Required action: Each entry needs to be restated exactly as written.

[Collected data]
Definition is_dist (P : X -> Y -> Z -> R) : Prop :=
  (forall x y z, 0 <= P x y z)%R /\
  rsum (fun x => rsum (fun y => rsum (fun z => P x y z))) = 1%R.

Definition margXY (P : X -> Y -> Z -> R) (x : X) (y : Y) : R := rsum (fun z => P x y z).
Definition margXZ (P : X -> Y -> Z -> R) (x : X) (z : Z) : R := rsum (fun y => P x y z).
Definition margYZ (P : X -> Y -> Z -> R) (y : Y) (z : Z) : R := rsum (fun x => P x y z).
Definition margX (P : X -> Y -> Z -> R) (x : X) : R := rsum (fun y => margXY P x y).
Definition margY (P : X -> Y -> Z -> R) (y : Y) : R := rsum (fun x => margXY P x y).

Definition DeltaP (P Q : X -> Y -> Z -> R) : Prop :=
  is_dist Q /\
  (forall x y, margXY Q x y = margXY P x y) /\
  (forall x z, margXZ Q x z = margXZ P x z).

(* conditional mutual information MI_Q(X:Z|Y), natural log, 0 log 0 = 0 *)
Definition condMI (Q : X -> Y -> Z -> R) : R :=
  rsum (fun x => rsum (fun y => rsum (fun z =>
    if Rlt_dec 0 (Q x y z) then
      (Q x y z * ln (Q x y z * margY Q y / (margXY Q x y * margYZ Q y z)))%R
    else 0%R))).

Definition is_UI_min (P : X -> Y -> Z -> R) (v : R) : Prop :=
  (exists Q, DeltaP P Q /\ condMI Q = v) /\
  (forall Q, DeltaP P Q -> (v <= condMI Q)%R).

(* UI~(X : Z \ Y) = min_{Q in Delta_P} MI_Q(X:Z|Y) (the minimum is attained) *)
Definition UItilde (P : X -> Y -> Z -> R) : R :=
  epsilon (inhabits 0%R) (is_UI_min P).

Definition kappa (P : X -> Y -> Z -> R) (x : X) (y : Y) : R := (margXY P x y / margX P x)%R.
Definition mu (P : X -> Y -> Z -> R) (x : X) (z : Z) : R := (margXZ P x z / margX P x)%R.
End Defs.

Definition reward (X W A : finType) (a0 : A) (nu : X -> W -> R) (p : X -> R)
  (u : X -> A -> R) : R :=
  rsum (fun w => rmax a0 (fun a => rsum (fun x => (p x * nu x w * u x a)%R))).

From HB Require Import structures.
From mathcomp Require Import all_boot.
From Stdlib Require Import Reals Lra Lia Classical ClassicalEpsilon.

Set Implicit Arguments.
Unset Strict Implicit.
Open Scope R_scope.

(* Both conditions are shown equivalent to: Z is a garbling of Y, i.e. there
   is a channel lam with P(x,z) = sum_y P(x,y) lam(y,z).

   - UI~ = 0 <-> garbling.  The minimum defining UI~ is attained (extreme
     value theorem on the compact set Delta_P, where condMI is continuous as
     a combination of sums of t ln t).  By the Gibbs inequality, condMI Q = 0
     exactly when X - Y - Z is a Markov chain under Q; such a Q in Delta_P
     yields the channel Q(z|y), and conversely P(x,y) lam(y,z) is a Markov
     chain in Delta_P.
   - garbling -> dominance: the Y-agent can simulate Z.
   - dominance -> garbling (Blackwell): take the channel ls whose garbled law
     is nearest to P(x,z) in Euclidean distance; the residual D, used as a
     utility with actions Z, shows by the obtuse-angle property of nearest
     points that |D|^2 <= 0. *)

(* Real addition and multiplication as monoid laws, so that the generic
   bigop lemmas (splitting, exchange, distributivity) apply to [rsum]. *)
HB.instance Definition _ := Monoid.isComLaw.Build R R0 Rplus
  (fun x y z => esym (Rplus_assoc x y z)) Rplus_comm Rplus_0_l.
HB.instance Definition _ := Monoid.isComLaw.Build R R1 Rmult
  (fun x y z => esym (Rmult_assoc x y z)) Rmult_comm Rmult_1_l.
HB.instance Definition _ := Monoid.isMulLaw.Build R R0 Rmult Rmult_0_l Rmult_0_r.
HB.instance Definition _ := Monoid.isAddLaw.Build R Rmult Rplus
  Rmult_plus_distr_r Rmult_plus_distr_l.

Output of the exercise:
Definition is_dist (P : X -> Y -> Z -> R) : Prop :=
  (forall x y z, 0 <= P x y z)%R /\
  rsum (fun x => rsum (fun y => rsum (fun z => P x y z))) = 1%R.

Definition margXY (P : X -> Y -> Z -> R) (x : X) (y : Y) : R := rsum (fun z => P x y z).
Definition margXZ (P : X -> Y -> Z -> R) (x : X) (z : Z) : R := rsum (fun y => P x y z).
Definition margYZ (P : X -> Y -> Z -> R) (y : Y) (z : Z) : R := rsum (fun x => P x y z).
Definition margX (P : X -> Y -> Z -> R) (x : X) : R := rsum (fun y => margXY P x y).
Definition margY (P : X -> Y -> Z -> R) (y : Y) : R := rsum (fun x => margXY P x y).

Definition DeltaP (P Q : X -> Y -> Z -> R) : Prop :=
  is_dist Q /\
  (forall x y, margXY Q x y = margXY P x y) /\
  (forall x z, margXZ Q x z = margXZ P x z).

(* conditional mutual information MI_Q(X:Z|Y), natural log, 0 log 0 = 0 *)
Definition condMI (Q : X -> Y -> Z -> R) : R :=
  rsum (fun x => rsum (fun y => rsum (fun z =>
    if Rlt_dec 0 (Q x y z) then
      (Q x y z * ln (Q x y z * margY Q y / (margXY Q x y * margYZ Q y z)))%R
    else 0%R))).

Definition is_UI_min (P : X -> Y -> Z -> R) (v : R) : Prop :=
  (exists Q, DeltaP P Q /\ condMI Q = v) /\
  (forall Q, DeltaP P Q -> (v <= condMI Q)%R).

(* UI~(X : Z \ Y) = min_{Q in Delta_P} MI_Q(X:Z|Y) (the minimum is attained) *)
Definition UItilde (P : X -> Y -> Z -> R) : R :=
  epsilon (inhabits 0%R) (is_UI_min P).

Definition kappa (P : X -> Y -> Z -> R) (x : X) (y : Y) : R := (margXY P x y / margX P x)%R.
Definition mu (P : X -> Y -> Z -> R) (x : X) (z : Z) : R := (margXZ P x z / margX P x)%R.
End Defs.

Definition reward (X W A : finType) (a0 : A) (nu : X -> W -> R) (p : X -> R)
  (u : X -> A -> R) : R :=
  rsum (fun w => rmax a0 (fun a => rsum (fun x => (p x * nu x w * u x a)%R))).

From HB Require Import structures.
From mathcomp Require Import all_boot.
From Stdlib Require Import Reals Lra Lia Classical ClassicalEpsilon.

Set Implicit Arguments.
Unset Strict Implicit.
Open Scope R_scope.

(* Both conditions are shown equivalent to: Z is a garbling of Y, i.e. there
   is a channel lam with P(x,z) = sum_y P(x,y) lam(y,z).

   - UI~ = 0 <-> garbling.  The minimum defining UI~ is attained (extreme
     value theorem on the compact set Delta_P, where condMI is continuous as
     a combination of sums of t ln t).  By the Gibbs inequality, condMI Q = 0
     exactly when X - Y - Z is a Markov chain under Q; such a Q in Delta_P
     yields the channel Q(z|y), and conversely P(x,y) lam(y,z) is a Markov
     chain in Delta_P.
   - garbling -> dominance: the Y-agent can simulate Z.
   - dominance -> garbling (Blackwell): take the channel ls whose garbled law
     is nearest to P(x,z) in Euclidean distance; the residual D, used as a
     utility with actions Z, shows by the obtuse-angle property of nearest
     points that |D|^2 <= 0. *)

(* Real addition and multiplication as monoid laws, so that the generic
   bigop lemmas (splitting, exchange, distributivity) apply to [rsum]. *)
HB.instance Definition _ := Monoid.isComLaw.Build R R0 Rplus
  (fun x y z => esym (Rplus_assoc x y z)) Rplus_comm Rplus_0_l.
HB.instance Definition _ := Monoid.isComLaw.Build R R1 Rmult
  (fun x y z => esym (Rmult_assoc x y z)) Rmult_comm Rmult_1_l.
HB.instance Definition _ := Monoid.isMulLaw.Build R R0 Rmult Rmult_0_l Rmult_0_r.
HB.instance Definition _ := Monoid.isAddLaw.Build R Rmult Rplus
  Rmult_plus_distr_r Rmult_plus_distr_l.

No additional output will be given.